This is a normal authorization flow people are used to from
Facebook/Github/LinkedIn, works the same way. See README for images of how the
forms look out of the box, without any customization.

If you want to have in app login system, then for such scenario usual way I
have implemented this before is to have a separate frontend layer and it works
something like this:

1) Frontend (mobile/web app) displays login form

2) Enter username and password

3) Use resource owner credentials grant to obtain access token via API call

4) Now you can make authenticated API calls with the access token (and use
refresh token in the background to renew your access token)

In case of web application frontend (let's say NodeJS app), the app would
store client ID and secret server side (so you would proxy all requests from
client app to Node proxy because we don't want to keep client ID and secret in
public JS).

------
ernsheong
Unfortunately Hydra does not (and will not) support the resource owner
password credentials (ROPC) grant
([https://github.com/ory/hydra/pull/297#issuecomment-294282671](https://github.com/ory/hydra/pull/297#issuecomment-294282671))
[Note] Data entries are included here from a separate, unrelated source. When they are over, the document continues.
(* Let $K, M, N, d$ be positive integers, $\sigma^2>0$, $P>0$, weights $\omega_1,\ldots,\omega_K>0$, and channel matrices $\boldsymbol{H}_k\in\mathbb{C}^{N\times M}$, $k=1,\ldots,K$. For $\boldsymbol{V}=(\boldsymbol{V}_1,\ldots,\boldsymbol{V}_K)$ with $\boldsymbol{V}_k\in\mathbb{C}^{M\times d}$ and $\sum_{k=1}^K\|\boldsymbol{V}_k\|_F^2>0$, define $$\widetilde{\boldsymbol{F}}_k=\Big(\frac{\sigma^2}{P}\sum_{j=1}^K\|\boldsymbol{V}_j\|_F^2\Big)\boldsymbol{I}+\sum_{j\neq k}\boldsymbol{H}_k\boldsymbol{V}_j\boldsymbol{V}_j^{\mathrm{H}}\boldsymbol{H}_k^{\mathrm{H}}$$ and $$g(\boldsymbol{V})=\sum_{k=1}^K\omega_k\log\left|\boldsymbol{I}+\boldsymbol{V}_k^{\mathrm{H}}\boldsymbol{H}_k^{\mathrm{H}}\widetilde{\boldsymbol{F}}_k^{-1}\boldsymbol{H}_k\boldsymbol{V}_k\right|.$$ Then for any nonzero $\boldsymbol{V}$ and any nonzero scalar $c$, $g(\boldsymbol{V})=g(c\boldsymbol{V})$, and consequently $\nabla g(\boldsymbol{V})\perp\boldsymbol{V}$ for every nonzero $\boldsymbol{V}$, i.e. $\sum_{k=1}^K\Re\{\mathrm{tr}((\nabla_{\boldsymbol{V}_k} g(\boldsymbol{V}))^{\mathrm{H}}\boldsymbol{V}_k)\}=0$.
   Context: $|\cdot|$ denotes the determinant, $\|\cdot\|_F$ the Frobenius norm, $\cdot^{\mathrm{H}}$ conjugate transpose. The gradient is taken with respect to the complex matrix variables viewed as real vectors, and orthogonality is with respect to the real inner product $\langle \boldsymbol{A},\boldsymbol{B}\rangle=\Re\{\mathrm{tr}(\boldsymbol{A}^{\mathrm{H}}\boldsymbol{B})\}$. *)

From mathcomp Require Import all_boot all_algebra.
From mathcomp Require Import reals exp.
From mathcomp.real_closed Require Import complex.
Set Implicit Arguments. Unset Strict Implicit. Unset Printing Implicit Defensive.
Import GRing.Theory Num.Theory.
Local Open Scope ring_scope.

Section Defs.
Variable R : realType.
Local Notation C := R[i].

Definition mxH (m n : nat) (A : 'M[C]_(m, n)) : 'M[C]_(n, m) :=
  (map_mx (@Num.conj C) A)^T.

Definition frob2 (m n : nat) (A : 'M[C]_(m, n)) : R :=
  \sum_(i < m) \sum_(j < n) (complex.Re (A i j) ^+ 2 + complex.Im (A i j) ^+ 2).

Definition totpow (K M d : nat) (V : 'I_K -> 'M[C]_(M, d)) : R :=
  \sum_(j < K) frob2 (V j).

Definition Ftilde (K M N d : nat) (sigma2 P : R) (H : 'I_K -> 'M[C]_(N, M))
  (V : 'I_K -> 'M[C]_(M, d)) (k : 'I_K) : 'M[C]_N :=
  (real_complex R (sigma2 / P * totpow V))%:M
  + \sum_(j < K | j != k) (H k *m V j *m mxH (V j) *m mxH (H k)).

(* The determinant is of I + (Hermitian PSD), hence real >= 1; we take the
   real part of the (complex-valued) determinant before applying ln. *)
Definition gfun (K M N d : nat) (sigma2 P : R) (w : 'I_K -> R)
  (H : 'I_K -> 'M[C]_(N, M)) (V : 'I_K -> 'M[C]_(M, d)) : R :=
  \sum_(k < K) w k * ln (complex.Re (\det (1%:M + mxH (V k) *m mxH (H k)
        *m invmx (Ftilde sigma2 P H V k) *m H k *m V k))).

Definition rinner (K M d : nat) (A B : 'I_K -> 'M[C]_(M, d)) : R :=
  \sum_(k < K) complex.Re (\tr (mxH (A k) *m B k)).

(* G is the gradient of f at V (matrices viewed as real vectors, with the
   real inner product rinner): f is Frechet differentiable at V with
   derivative W |-> <G, W>. *)
Definition is_gradient (K M d : nat) (f : ('I_K -> 'M[C]_(M, d)) -> R)
  (V G : 'I_K -> 'M[C]_(M, d)) : Prop :=
  forall eps : R, 0 < eps -> exists delta : R, 0 < delta /\
    forall W : 'I_K -> 'M[C]_(M, d), totpow W < delta ^+ 2 ->
      `| f (fun k => V k + W k) - f V - rinner G W | <= eps * Num.sqrt (totpow W).

End Defs.

(* Every block of g is the log-determinant of I + V_k^H H_k^H F_k^{-1} H_k V_k, and
   scaling V by c multiplies F_k by |c|^2 (its noise term is proportional to the
   total power), so the factors c^*, c and |c|^{-2} cancel: g is constant on the
   rays through V.  The derivative of g along the direction V itself therefore
   vanishes, and for a gradient G this derivative is <G, V>. *)
From mathcomp Require Import all_boot all_order all_algebra.
From mathcomp Require Import reals exp.
From mathcomp.real_closed Require Import complex.
From mathcomp Require Import ring.
From mathcomp Require Import boolp.
Import Order.TTheory GRing.Theory Num.Theory.
Local Open Scope ring_scope.

Section RayInvariance.
Variable R : realType.
Local Notation C := R[i].
Local Notation "x %:C" := (real_complex R x) (format "x %:C").

Lemma mxHZ m n (c : C) (A : 'M[C]_(m, n)) : mxH (c *: A) = c^* *: mxH A.
Proof. by apply/matrixP=> i j; rewrite !mxE rmorphM. Qed.

Lemma mxHM m n p (A : 'M[C]_(m, n)) (B : 'M[C]_(n, p)) :
  mxH (A *m B) = mxH B *m mxH A.
Proof.
apply/matrixP=> i j; rewrite !mxE rmorph_sum; apply: eq_bigr => l _.
by rewrite !mxE rmorphM mulrC.
Qed.

Lemma mulmx_mxH_row n (u : 'rV[C]_n) : (u *m mxH u) 0 0 = \sum_i u 0 i * (u 0 i)^*.
Proof. by rewrite mxE; apply: eq_bigr => i _; rewrite !mxE. Qed.

Lemma mulmx_mxH_row_ge0 n (u : 'rV[C]_n) : 0 <= (u *m mxH u) 0 0.
Proof. by rewrite mulmx_mxH_row; apply: sumr_ge0 => i _; apply: mul_conjC_ge0. Qed.

Lemma mulmx_mxH_row_eq0 n (u : 'rV[C]_n) : (u *m mxH u) 0 0 = 0 -> u = 0.
Proof.
rewrite mulmx_mxH_row => u0; apply/rowP => i; rewrite mxE.
apply/eqP; rewrite -mul_conjC_eq0; apply/eqP.
by apply: (psumr_eq0P _ u0) => // l _; apply: mul_conjC_ge0.
Qed.

Lemma scalar_add_gram_unitmx (I : finType) (P : pred I) n m (s : C)
    (B : I -> 'M[C]_(n, m)) :
  0 < s -> s%:M + \sum_(j | P j) B j *m mxH (B j) \in unitmx.
Proof.
move=> s_gt0; set X := _ + _.
(* v X v^H = s |v|^2 + sum_j |v B_j|^2 with every summand nonnegative. *)
have kerX0 (v : 'rV[C]_n) : v *m X = 0 -> v = 0.
  move=> vX0; have : (v *m X *m mxH v) 0 0 = 0 by rewrite vX0 mul0mx mxE.
  rewrite mulmxDr mulmxDl mul_mx_scalar -scalemxAl mxE.
  rewrite mulmx_sumr mulmx_suml summxE => /eqP.
  rewrite paddr_eq0; first last.
  - apply: sumr_ge0 => j _; rewrite mulmxA -mulmxA -mxHM.
    exact: mulmx_mxH_row_ge0.
  - by rewrite mxE mulr_ge0 ?mulmx_mxH_row_ge0 // ltW.
  case/andP=> /eqP; rewrite mxE => /eqP; rewrite mulf_eq0 gt_eqF //=.
  by move=> /eqP/mulmx_mxH_row_eq0.
rewrite -row_free_unit -kermx_eq0; apply/eqP/row_matrixP => i.
by rewrite row0; apply: kerX0; rewrite -row_mul mulmx_ker row0.
Qed.

Lemma frob2_conj m n (A : 'M[C]_(m, n)) :
  (frob2 A)%:C = \sum_i \sum_j A i j * (A i j)^*.
Proof.
rewrite /frob2 rmorph_sum; apply: eq_bigr => i _; rewrite rmorph_sum.
by apply: eq_bigr => j _; rewrite -normCK -add_Re2_Im2.
Qed.

Lemma frob2Z m n (c : C) (A : 'M[C]_(m, n)) :
  (frob2 (c *: A))%:C = c * c^* * (frob2 A)%:C.
Proof.
rewrite !frob2_conj mulr_sumr; apply: eq_bigr => i _; rewrite mulr_sumr.
by apply: eq_bigr => j _; rewrite !mxE rmorphM; ring.
Qed.

Lemma totpowZ K M d (c : C) (V : 'I_K -> 'M[C]_(M, d)) :
  (totpow (fun k => c *: V k))%:C = c * c^* * (totpow V)%:C.
Proof.
rewrite /totpow !rmorph_sum mulr_sumr; apply: eq_bigr => j _.
exact: frob2Z.
Qed.

Lemma totpowZ_real K M d (e : R) (V : 'I_K -> 'M[C]_(M, d)) :
  totpow (fun k => e%:C *: V k) = e ^+ 2 * totpow V.
Proof.
apply: complexI; rewrite totpowZ rmorphM rmorphXn /= conj_Creal ?expr2 //.
by apply/complex_realP; exists e.
Qed.

Lemma rinnerZ_real K M d (G V : 'I_K -> 'M[C]_(M, d)) (e : R) :
  rinner G (fun k => e%:C *: V k) = e * rinner G V.
Proof.
rewrite /rinner mulr_sumr; apply: eq_bigr => k _.
by rewrite -scalemxAr linearZ /=; case: (\tr _) => a b /=; rewrite !mul0r subr0.
Qed.

Section Channel.
Variables (K M N d : nat) (sigma2 P : R) (H : 'I_K -> 'M[C]_(N, M)).

Lemma FtildeZ (V : 'I_K -> 'M[C]_(M, d)) (c : C) k :
  Ftilde sigma2 P H (fun k => c *: V k) k = (c * c^*) *: Ftilde sigma2 P H V k.
Proof.
have noiseZ : (sigma2 / P * totpow (fun k => c *: V k))%:C
    = c * c^* * (sigma2 / P * totpow V)%:C.
  by rewrite !rmorphM /= totpowZ; ring.
rewrite /Ftilde scalerDr scale_scalar_mx scaler_sumr noiseZ; congr (_ + _).
apply: eq_bigr => j _; rewrite mxHZ -!scalemxAr -!scalemxAl !scalerA.
by rewrite (mulrC c^*).
Qed.

Lemma Ftilde_unitmx (V : 'I_K -> 'M[C]_(M, d)) k :
  0 < sigma2 / P * totpow V -> Ftilde sigma2 P H V k \in unitmx.
Proof.
move=> s_gt0; rewrite /Ftilde.
under eq_bigr do rewrite -mulmxA -mxHM.
by apply: scalar_add_gram_unitmx; rewrite ltcR.
Qed.

Lemma gfunZ (w : 'I_K -> R) (V : 'I_K -> 'M[C]_(M, d)) (c : C) :
  0 < sigma2 / P * totpow V -> c != 0 ->
  gfun sigma2 P w H (fun k => c *: V k) = gfun sigma2 P w H V.
Proof.
move=> s_gt0 c0; apply: eq_bigr => k _.
have cc0 : c * c^* != 0 by rewrite mulf_neq0 ?conjC_eq0.
rewrite FtildeZ mxHZ invmxZ; last by rewrite unitmxZ ?unitfE ?Ftilde_unitmx.
do ?[rewrite -scalemxAr | rewrite -scalemxAl]; rewrite !scalerA.
rewrite [X in X *: _](_ : _ = 1) ?scale1r //.
by field; rewrite conjC_eq0 c0.
Qed.

End Channel.

Lemma gradient_orthogonal_of_ray_invariant K M d
    (f : ('I_K -> 'M[C]_(M, d)) -> R) (V G : 'I_K -> 'M[C]_(M, d)) :
  0 < totpow V ->
  (forall e : R, 0 < e -> f (fun k => (1 + e)%:C *: V k) = f V) ->
  is_gradient f V G -> rinner G V = 0.
Proof.
move=> V_gt0 f_ray gradG; set q := Num.sqrt (totpow V).
have q_gt0 : 0 < q by rewrite sqrtr_gt0.
have Vq : totpow V = q ^+ 2 by rewrite sqr_sqrtr // ltW.
apply/eqP; rewrite -normr_le0; apply/ler_addgt0Pr => eps eps_gt0; rewrite add0r.
have [delta [delta_gt0 near_V]] := gradG (eps / q) (divr_gt0 eps_gt0 q_gt0).
pose e := delta / (q + 1).
have e_gt0 : 0 < e by rewrite divr_gt0 ?addr_gt0.
have e_q_lt : e * q < delta.
  by rewrite /e mulrAC ltr_pdivrMr ?addr_gt0 // ltr_pM2l // ltrDl.
have := near_V (fun k => e%:C *: V k).
have -> : (fun k => V k + e%:C *: V k) = (fun k => (1 + e)%:C *: V k).
  by apply: funext => k; rewrite rmorphD scalerDl scale1r.
rewrite f_ray ?addr_gt0 // subrr sub0r normrN totpowZ_real rinnerZ_real.
rewrite normrM sqrtrM ?sqr_ge0 // sqrtr_sqr !(gtr0_norm e_gt0) -/q.
have small : e ^+ 2 * totpow V < delta ^+ 2.
  by rewrite Vq -exprMn ltrXn2r // mulr_ge0 // ltW.
move=> /(_ small); rewrite mulrCA divfK ?gt_eqF //.
by rewrite ler_pM2l.
Qed.

End RayInvariance.

Theorem lemma1 (R : realType) (K M N d : nat)
  (hK : (0 < K)%N) (hM : (0 < M)%N) (hN : (0 < N)%N) (hd : (0 < d)%N)
  (sigma2 P : R) (hs : 0 < sigma2) (hP : 0 < P)
  (w : 'I_K -> R) (hw : forall k, 0 < w k)
  (H : 'I_K -> 'M[R[i]]_(N, M)) :
  (forall (V : 'I_K -> 'M[R[i]]_(M, d)) (c : R[i]),
      0 < totpow V -> c != 0 ->
      gfun sigma2 P w H V = gfun sigma2 P w H (fun k => c *: V k))
  /\
  (forall (V G : 'I_K -> 'M[R[i]]_(M, d)),
      0 < totpow V -> is_gradient (gfun sigma2 P w H) V G ->
      rinner G V = 0).
Proof.
have noise_gt0 (V : 'I_K -> 'M[R[i]]_(M, d)) :
  0 < totpow V -> 0 < sigma2 / P * totpow V by move=> ?; rewrite !mulr_gt0 ?invr_gt0.
split=> [V c V_gt0 c0 | V G V_gt0].
  by rewrite gfunZ ?noise_gt0.
apply: gradient_orthogonal_of_ray_invariant => // e e_gt0.
by rewrite gfunZ ?noise_gt0 // gt_eqF // (ltcR 0) addr_gt0.
Qed.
I'm no security expert, but to my understanding the ROPC grant makes sense for
highly privileged applications, i.e. 1st party client applications (e.g. main
app website, main native iOS client) as explained by
[http://oauthlib.readthedocs.io/en/latest/oauth2/grants/passw...](http://oauthlib.readthedocs.io/en/latest/oauth2/grants/password.html)
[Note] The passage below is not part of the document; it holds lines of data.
Lemma continuous_nonneg_of_within (M : R -> R) :
  (forall t, 0 <= t -> filterlim M (within (fun x => 0 <= x) (locally t)) (locally (M t))) ->
  continuous_nonneg M.
Proof.
  intros H y Hy. destruct (Req_dec y 0) as [->|Hy0].
  - intros P HP. rewrite Rmax_left in HP by lra.
    destruct (H 0 (Rle_refl 0) P HP) as [e He]. exists e. intros z Hz.
    apply He; [|apply Rmax_r].
    apply (proj1 (ball_R _ _ _)) in Hz. apply ball_R.
    unfold Rmax. destruct (Rle_dec z 0); [rewrite Rminus_0_r, Rabs_R0; apply cond_pos | exact Hz].
  - apply (continuous_ext_loc _ M).
    + apply (filter_imp (fun z => 0 < z)); [|apply locally_pos; lra].
      intros z Hz. rewrite Rmax_left by lra. reflexivity.
    + intros P HP. destruct (H y Hy P HP) as [e He]. unfold filtermap.
      apply (filter_imp (fun z => ball y e z /\ 0 < z)); [intros z [Hz Hz0]; apply He; auto; lra|].
      apply filter_and; [exists e; auto | apply locally_pos; lra].
Qed.

(** * Energy estimate for the system *)

Lemma Gronwall_two_sided (f df : R -> R) K u t : u <= t -> 0 <= K ->
  (forall y, u <= y <= t -> is_derive f y (df y)) ->
  (forall y, u <= y <= t -> Rabs (df y) <= K * f y) ->
  f t * exp (- K * t) <= f u * exp (- K * u) /\ f u * exp (K * u) <= f t * exp (K * t).
Proof.
  intros Hut HK Hd Hb. split.
  - apply (derive_nonpos_le (fun y => f y * exp (- K * y))
             (fun y => df y * exp (- K * y) + f y * (- K * exp (- K * y)))); auto.
    + intros y Hy. apply (is_derive_Rmult f (fun y => exp (- K * y))); [auto|].
      apply (is_derive_exp_comp (fun y => - K * y)), is_derive_lin.
    + intros y Hy. pose proof (Hb y Hy). pose proof (Rle_abs (df y)). pose proof (exp_pos (- K * y)).
      replace (df y * exp (- K * y) + f y * (- K * exp (- K * y)))
        with ((df y - K * f y) * exp (- K * y)) by ring.
      apply Rmult_le_0_r; lra.
  - enough (- (f t * exp (K * t)) <= - (f u * exp (K * u))) by lra.
    apply (derive_nonpos_le (fun y => - (f y * exp (K * y)))
             (fun y => - (df y * exp (K * y) + f y * (K * exp (K * y))))); auto.
    + intros y Hy. apply is_derive_Ropp, (is_derive_Rmult f (fun y => exp (K * y))); [auto|].
      apply (is_derive_exp_comp (fun y => K * y)), is_derive_lin.
    + intros y Hy. pose proof (Hb y Hy). pose proof (Rabs_maj2 (df y)). pose proof (exp_pos (K * y)).
      replace (- (df y * exp (K * y) + f y * (K * exp (K * y))))
        with (- ((df y + K * f y) * exp (K * y))) by ring.
      enough (0 <= (df y + K * f y) * exp (K * y)) by lra.
      apply Rmult_le_pos; lra.
Qed.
I've been looking around in this space for OAuth and auth out of the box
alternatives. I've tried Kong's OAuth2 plugin
([https://getkong.org/plugins/oauth2-authentication/](https://getkong.org/plugins/oauth2-authentication/))
but after trying to integrate it felt like I had to write more code than
necessary. Also had to configure a lot of APIs, and felt like it was clunky to
manage them that way.

I have also tried to play with [http://anvil.io](http://anvil.io), but the
authors are busy with another project
([https://solid.mit.edu](https://solid.mit.edu)) so Anvil is taking a back
seat. Even the Getting Started currently has known unfixed issues.

I am heavily investigating
[http://www.keycloak.org/](http://www.keycloak.org/), and so far I am really
impressed. However though, to deploy you will need to delve into Wildfly/Java
configurations. And of course, minimum 512MB to run any Java app on a node.
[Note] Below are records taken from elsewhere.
Lemma place_near v : walkn e 4 v (place v).
Proof.
have wr := walk_root S; have wb := walk_b S; have wc := walk_c S.
have wx := walk_x S; have wy := walkn0 e y.
case: (sp_cover S v) => [->|->|[n nN vn]].
- by rewrite place_x; apply: near_via_centre wx wy _.
- by rewrite place_y; apply: near_via_centre wy (wb _ s1N) _.
case: (legP vn) => [->|->|[tn ->]]; case: (leg_role n) => [n_s1|[one n_s2]|ns]; subst.
- rewrite place_s1; case: (boolP single) => [_|one].
    exact: near_via_centre (wr _ s1N) wx _.
  exact: near_via_centre (wr _ s1N) (wr _ (s2N one)) _.
- rewrite place_s2 //; case ts2: (t s2).
    exact: near_via_centre (wr _ (s2N one)) (wc _ _ ts2) _.
  exact: near_via_centre (wr _ (s2N one)) (wb _ (s2N one)) _.
- have [pN _ _ _] := pairP nN ns.
  rewrite place_root //; case tn: (t n); last case: (t (p n)).
  + exact: near_via_centre (wr _ nN) (wc _ nN tn) _.
  + exact: near_via_centre (wr _ nN) (wb _ nN) _.
  + exact: near_via_centre (wr _ nN) (wb _ pN) _.
- rewrite place_b1 /close1; case ts1: (t s1); first exact: near_edge (sp_leg2 S s1N ts1).
  case: single; first exact: near_via_centre (wb _ s1N) (wr _ s1N) _.
  exact: near_via_centre (wb _ s1N) wx _.
- by rewrite place_b2 //; apply: near_via_centre (wb _ (s2N one)) (wr _ s1N) _.
- have [pN _ _ _] := pairP nN ns.
  rewrite place_pb //; case: (t n); case: (t (p n)).
  + exact: near_via_centre (wb _ nN) (wb _ pN) _.
  + exact: near_via_centre (wb _ nN) (wr _ pN) _.
  + exact: near_via_centre (wb _ nN) (wb _ pN) _.
  + exact: near_via_centre (wb _ nN) (wr _ nN) _.
- rewrite place_c1 // /close1.
  case: single; first exact: near_via_centre (wc _ s1N tn) (wr _ s1N) _.
  exact: near_via_centre (wc _ s1N tn) wx _.
- by rewrite place_c2 //; apply: near_edge; rewrite (sp_sym S) (sp_leg2 S (s2N one) tn).
- by rewrite place_pc //; apply: near_via_centre (wc _ nN tn) (wr _ nN) _.
Qed.

Lemma place_no_fixpoint v : place v != v.
Proof.
have partner_neq n u w : n \in N -> ~~ special n -> u \in leg n -> w \in leg (p n) -> w != u.
  by move=> nN ns un wp; have [pN pn _ _] := pairP nN ns; exact: (legs_neq S pN nN pn wp un).
case: (sp_cover S v) => [->|->|[n nN vn]].
- by rewrite place_x eq_sym (x_neq_y S).
- by rewrite place_y; exact: (leg_neq_y S s1N (leg_b _ _ _ _)).
case: (legP vn) => [->|->|[tn ->]]; case: (leg_role n) => [n_s1|[one n_s2]|ns]; subst.
- rewrite place_s1; case: (boolP single) => [_|one]; first by rewrite eq_sym (N_neq_x S s1N).
  exact: s2_neq_s1.
- rewrite place_s2 //; case ts2: (t s2); first exact: (sp_leg_c S (s2N one) ts2).
  exact: (b_neq_root S (s2N one)).
- rewrite place_root //; case tn: (t n); first exact: (sp_leg_c S nN tn).
  case: (t (p n)); first exact: (b_neq_root S nN).
  by apply: (partner_neq _ _ _ nN ns); leg_mem.
- rewrite place_b1 /close1; case ts1: (t s1); first exact: (c_neq_b S s1N ts1).
  case: single; first by rewrite eq_sym (b_neq_root S s1N).
  by rewrite eq_sym (leg_neq_x S s1N (leg_b _ _ _ _)).
- rewrite place_b2 //.
  by apply: (legs_neq S s1N (s2N one) (s1_neq_s2 one)); leg_mem.
- rewrite place_pb //; case: (t n); case: (t (p n));
    try by apply: (partner_neq _ _ _ nN ns); leg_mem.
  by rewrite eq_sym (b_neq_root S nN).
- rewrite place_c1 // /close1; case: single; first by rewrite eq_sym (sp_leg_c S s1N tn).
  by rewrite eq_sym (leg_neq_x S s1N (leg_c _ _ tn)).
- by rewrite place_c2 // eq_sym (c_neq_b S (s2N one) tn).
- by rewrite place_pc // eq_sym (sp_leg_c S nN tn).
Qed.

(* Every vertex returns to itself after at most five steps; this yields both
   the injectivity of [place] and the bound on the cycle lengths. *)
Definition on_short_cycle v := exists2 k, 0 < k <= 5 & iter k place v = v.

Lemma short_cycle_place v : on_short_cycle v -> on_short_cycle (place v).
Proof. by case=> k k5 iterk; exists k => //; rewrite -iterSr iterS iterk. Qed.

Lemma short_cycle_x : on_short_cycle x.
Proof.
rewrite /on_short_cycle /close1; case one: single; case ts1: (t s1).
- by exists 5; rewrite //= place_x place_y place_b1 ts1 place_c1 // /close1 one place_s1 one.
- by exists 4; rewrite //= place_x place_y place_b1 ts1 /close1 one place_s1 one.
- by exists 4; rewrite //= place_x place_y place_b1 ts1 place_c1 // /close1 one.
- by exists 3; rewrite //= place_x place_y place_b1 ts1 /close1 one.
Qed.

Lemma short_cycle_s1 : ~~ single -> on_short_cycle s1.
Proof.
move=> one; rewrite /on_short_cycle; case ts2: (t s2).
- by exists 4; rewrite //= place_s1 (negbTE one) place_s2 // ts2 place_c2 // place_b2.
- by exists 3; rewrite //= place_s1 (negbTE one) place_s2 // ts2 place_b2.
Qed.

Lemma short_cycle_pair n : n \in N -> ~~ special n ->
  on_short_cycle n /\ on_short_cycle (b n).
Proof.
move=> nN ns; have [pN _ ppn pns] := pairP nN ns.
have place_p := place_root pN pns; have place_bp := place_pb pN pns.
rewrite ppn in place_p place_bp.
have [place_n place_bn] := (place_root nN ns, place_pb nN ns).
case tn: (t n); case tp: (t (p n)).
- split; first by exists 2; rewrite //= place_n tn place_pc.
  by exists 2; rewrite //= place_bn tn tp place_bp tp tn.
- split; first by exists 2; rewrite //= place_n tn place_pc.
  by exists 3; rewrite //= place_bn tn tp place_p tp tn place_bp tp tn.
- suff cn : on_short_cycle n.
    by split => //; move: (short_cycle_place cn); rewrite place_n tn tp.
  by exists 3; rewrite //= place_n tn tp place_bn tn tp place_bp tp tn.
- suff cn : on_short_cycle n.
    split => //; move: (short_cycle_place (short_cycle_place (short_cycle_place cn))).
    by rewrite place_n tn tp place_bp tp tn place_p tp tn.
  by exists 4; rewrite //= place_n tn tp place_bp tp tn place_p tp tn place_bn tn tp.
Qed.

Lemma place_short_cycles v : on_short_cycle v.
Proof.
have cy : on_short_cycle y by move: (short_cycle_place short_cycle_x); rewrite place_x.
have cb1 : on_short_cycle (b s1) by move: (short_cycle_place cy); rewrite place_y.
have cs2 : ~~ single -> on_short_cycle s2.
  by move=> one; move: (short_cycle_place (short_cycle_s1 one)); rewrite place_s1 (negbTE one).
case: (sp_cover S v) => [->|->|[n nN vn]]; first exact: short_cycle_x; first exact: cy.
case: (legP vn) => [->|->|[tn ->]]; case: (leg_role n) => [n_s1|[one n_s2]|ns]; subst.
- case: (boolP single) => [one|]; last exact: short_cycle_s1.
  move: (short_cycle_place cb1); rewrite place_b1 /close1 one; case ts1: (t s1) => // cc.
  by move: (short_cycle_place cc); rewrite place_c1 // /close1 one.
- exact: cs2.
- by case: (short_cycle_pair nN ns).
- exact: cb1.
- move: (short_cycle_place (cs2 one)); rewrite place_s2 //; case ts2: (t s2) => // cc.
  by move: (short_cycle_place cc); rewrite place_c2.
- by case: (short_cycle_pair nN ns).
- by move: (short_cycle_place cb1); rewrite place_b1 tn.
- by move: (short_cycle_place (cs2 one)); rewrite place_s2 // tn.
- have [cn _] := short_cycle_pair nN ns.
  by move: (short_cycle_place cn); rewrite place_root // tn.
Qed.

Lemma place_inj : injective place.
Proof.
have iter_mul k q u : iter k place u = u -> iter (q * k) place u = u.
  by move=> iterk; elim: q => [|q IH] //; rewrite mulSn iterD IH iterk.
move=> u v eq_uv.
have [k1 /andP[k1_gt0 _] iter_u] := place_short_cycles u.
have [k2 /andP[k2_gt0 _] iter_v] := place_short_cycles v.
have k_pos : k2 * k1 = (k2 * k1).-1.+1 by rewrite prednK // muln_gt0 k1_gt0 k2_gt0.
have := iter_mul _ k2 _ iter_u; have := iter_mul _ k1 _ iter_v.
by rewrite [k1 * k2]mulnC k_pos !iterSr eq_uv => -> ->.
Qed.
Dex is also advertised as a solution but it looks like the documentation could
do with more information and improvements.
[https://github.com/coreos/dex](https://github.com/coreos/dex) Doesn't seem
easy to just take and run.

Thanks to comments here, I might these looking at these next:

1\. [https://github.com/RichardKnop/go-
oauth2-server](https://github.com/RichardKnop/go-oauth2-server) 2\.
[https://portier.github.io/](https://portier.github.io/)

------
rawfan
If you're looking to add an OAuth2 server to your PHP app, check out Laravel
Passport
([https://laravel.com/docs/5.5/passport](https://laravel.com/docs/5.5/passport)).

------
gallerdude
I already have a hard time with OAuth Client!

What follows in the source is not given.